SYDNEY, July 9, 2026, 06:04 AEST
- Goodman dropped 1.6% to close at A$30.19 on Wednesday, while the S&P/ASX 200 shed 0.21% to 8,785.10.
- ASX was still closed at the dateline. The pre-open session is set for 7:00 and regular trading starts at about 09:59:45 Sydney time.
- Goodman said data centres made up 73% of its A$14.5 billion development pipeline as of March 31. Management is aiming for at least 9% operating EPS growth for FY26.
Goodman Group dropped harder than Australia’s main index on Wednesday. Investors gave a lower price to the fast-growing data centre pipeline ahead of Thursday’s open.
Goodman shares ended 1.6% lower at A$30.19. The S&P/ASX 200 was off 0.21%. Goodman’s market cap held near A$61.7 billion, making it one of Australia’s bigger stocks tied to AI infrastructure demand.
Timing is key. Goodman isn’t just a warehouse landlord now. Investors want to see if it can use its land, power and capex to drive contracted data centre rent, and still keep returns strong.
Australian stocks fell, with the market finishing in the red as higher oil prices on Middle East worries weighed. Miners and tech names underperformed. MarketIndex noted real estate was just a touch down in the afternoon, so Goodman’s slide didn’t look like a broad sector selloff.
Goodman’s late-May update is still central to the argument. The company said it had A$14.5 billion of projects being built, measured by projected end value, as of March 31. Goodman expects that to reach around A$18 billion by June. Data centres made up almost 75% of the current work, and 37% of the pipeline was already pre-committed, meaning leased or contractually locked in ahead of completion.
Chief Executive Greg Goodman said the AI build-out is the “most significant technological transition” so far and pointed to energy availability as the “most significant constraint.” Goodman aims for at least 9% growth in FY26 operating earnings per security.
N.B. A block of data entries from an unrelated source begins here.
Theorem corollary2 (R : realType) (n d : nat) (hn : (3 <= n)%N) (hd : (2 <= d)%N)
    (lam : 'I_(d ^ 2 - 1) -> 'M[R[i]]_d) (hlam : gm_basis lam)
    (rho : op R n d) (hrho : biseparable rho) :
  C_nm1 lam rho <=
    Num.max
      ((d%:R : R) ^+ n - 2 * Num.sqrt ((d%:R : R) ^+ n) + 1)
      (((d%:R : R) - 1) * ((d%:R : R) ^+ n.-1 - 1) + (d%:R : R) ^+ n.-1 - 1
        - (n%:R : R) / ((n%:R : R) - 1) * ((d%:R : R) ^+ (n - 3) - 1)).
Proof.
case: hrho => m [p [psi [p_ge0 p_sum1 psi_biprod rhoE]]].
rewrite -/(biseparable_bound R n d) C_nm1E.
under eq_bigr do rewrite (corr_mixture lam rhoE).
apply: le_trans (_ : \sum_(mu | high_order mu) \sum_k p k * sq_corr lam (psi k) mu <= _).
  by apply: ler_sum => mu _; apply: sqr_convex_le.
rewrite exchange_big -[leRHS]mul1r -p_sum1 mulr_suml.
apply: ler_sum => k _; rewrite -mulr_sumr ler_wpM2l //.
by case: (psi_biprod k) => psi_norm; apply: biproduct_le_bound.
Qed.
Lemma htag_F1 X Y X' Y' (f : Hom X Y) (f' : Hom X' Y') :
  htag f = htag f' -> htag (F1 P f) = htag (F1 P f').
Proof. by move=> hf; case: (htag_obj hf) => e1 e2; subst; rewrite (htag_inj hf). Qed.

Lemma htag_G1 X Y X' Y' (f : Hom X Y) (f' : Hom X' Y') :
  htag f = htag f' -> htag (G1 P f) = htag (G1 P f').
Proof. by move=> hf; case: (htag_obj hf) => e1 e2; subst; rewrite (htag_inj hf). Qed.

Lemma htag_GF1 X Y (f : Hom X Y) : htag (G1 P (F1 P f)) = htag f.
Proof. by case: Pa => _ _ _ GF1 _; rewrite -{2}(GF1 _ _ f) htag_castHom. Qed.

Lemma htag_FG1 X Y (f : Hom X Y) : htag (F1 P (G1 P f)) = htag f.
Proof. by case: Pa => _ _ _ _ FG1; rewrite -{2}(FG1 _ _ f) htag_castHom. Qed.

Lemma F1_inj X Y : injective (@F1 C P X Y).
Proof. by move=> f g h; apply: htag_inj; rewrite -htag_GF1 h htag_GF1. Qed.

Lemma F1_hzero X Y : F1 P (@hzero C X Y) = hzero.
Proof. by apply: (@ag_idem0 (HG Cg _ _)) => /=; rewrite -F1_hadd hadd0f. Qed.

Lemma G1_idm X : G1 P (idm X) = idm (G0 P X).
Proof.
by apply: F1_inj; apply: htag_inj; rewrite htag_FG1 F1_idm; apply: htag_idm; rewrite FG.
Qed.

Lemma G1_hzero X Y : G1 P (@hzero C X Y) = hzero.
Proof.
by apply: F1_inj; apply: htag_inj; rewrite htag_FG1 F1_hzero; apply: htag_hzero; rewrite FG.
Qed.

Lemma F1_surj U V (a : Hom (F0 P U) (F0 P V)) : exists f : Hom U V, F1 P f = a.
Proof.
exists (castHom (GF P U) (GF P V) (G1 P a)); apply: htag_inj.
by rewrite -(htag_FG1 a); apply: htag_F1; rewrite htag_castHom.
Qed.

Lemma G1_surj U V (a : Hom (G0 P U) (G0 P V)) : exists f : Hom U V, G1 P f = a.
Proof.
exists (castHom (FG P U) (FG P V) (F1 P a)); apply: htag_inj.
by rewrite -(htag_GF1 a); apply: htag_G1; rewrite htag_castHom.
Qed.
That’s the underlying profit figure per stapled security, adjusted to exclude things like property revaluations and movements in derivative fair values.
Goodman put its total power at 6.4 gigawatts, with 3.6 GW secured and another 2.8 GW in advanced procurement. The company pointed to those numbers as both a growth driver and a possible risk. Goodman said it expects to sign customer contracts for the rest of the year.
The company still has support from its existing portfolio. Goodman posted 95.7% occupancy and like-for-like net property income growth of 4.1%. Net property income is rent income less direct property costs. Total portfolio is now at A$87.1 billion. Goodman and its partnerships also wrapped up over A$12 billion of equity and debt initiatives for the nine months through March 31.
Data-centre stocks moved in both directions. NEXTDC, which is a pure-play data-centre operator, lost 1.0% on Wednesday. Dexus, a diversified real asset name, gained 2.2%. Goodman ended up between the two—part property, part infrastructure, and part AI capex story.
The valuation debate is still going. John Lockton, who leads investment strategy at Sandstone Insights, told Reuters during Goodman’s last data-centre surge that “data centres continue to see momentum.” But Morningstar analyst Winky Yingqi Tan called Goodman’s securities “expensive” and pointed to risks from aging tech, big upgrade costs, and extra supply hitting the market. Reuters
The risk is clear if things slow down. Any drop in customer signings, longer grid tie-ins, or delays with water and planning could leave Goodman more exposed to development risk, but with the shares already pricing in a lot. The 37% pre-committed rate from the March update is what the market is tracking now.
The next key hurdle isn’t just where the stock opens. Investors want to see locked-in data centre deals, new power secured, and signs Goodman’s A$18 billion pipeline will deliver the returns management is pitching.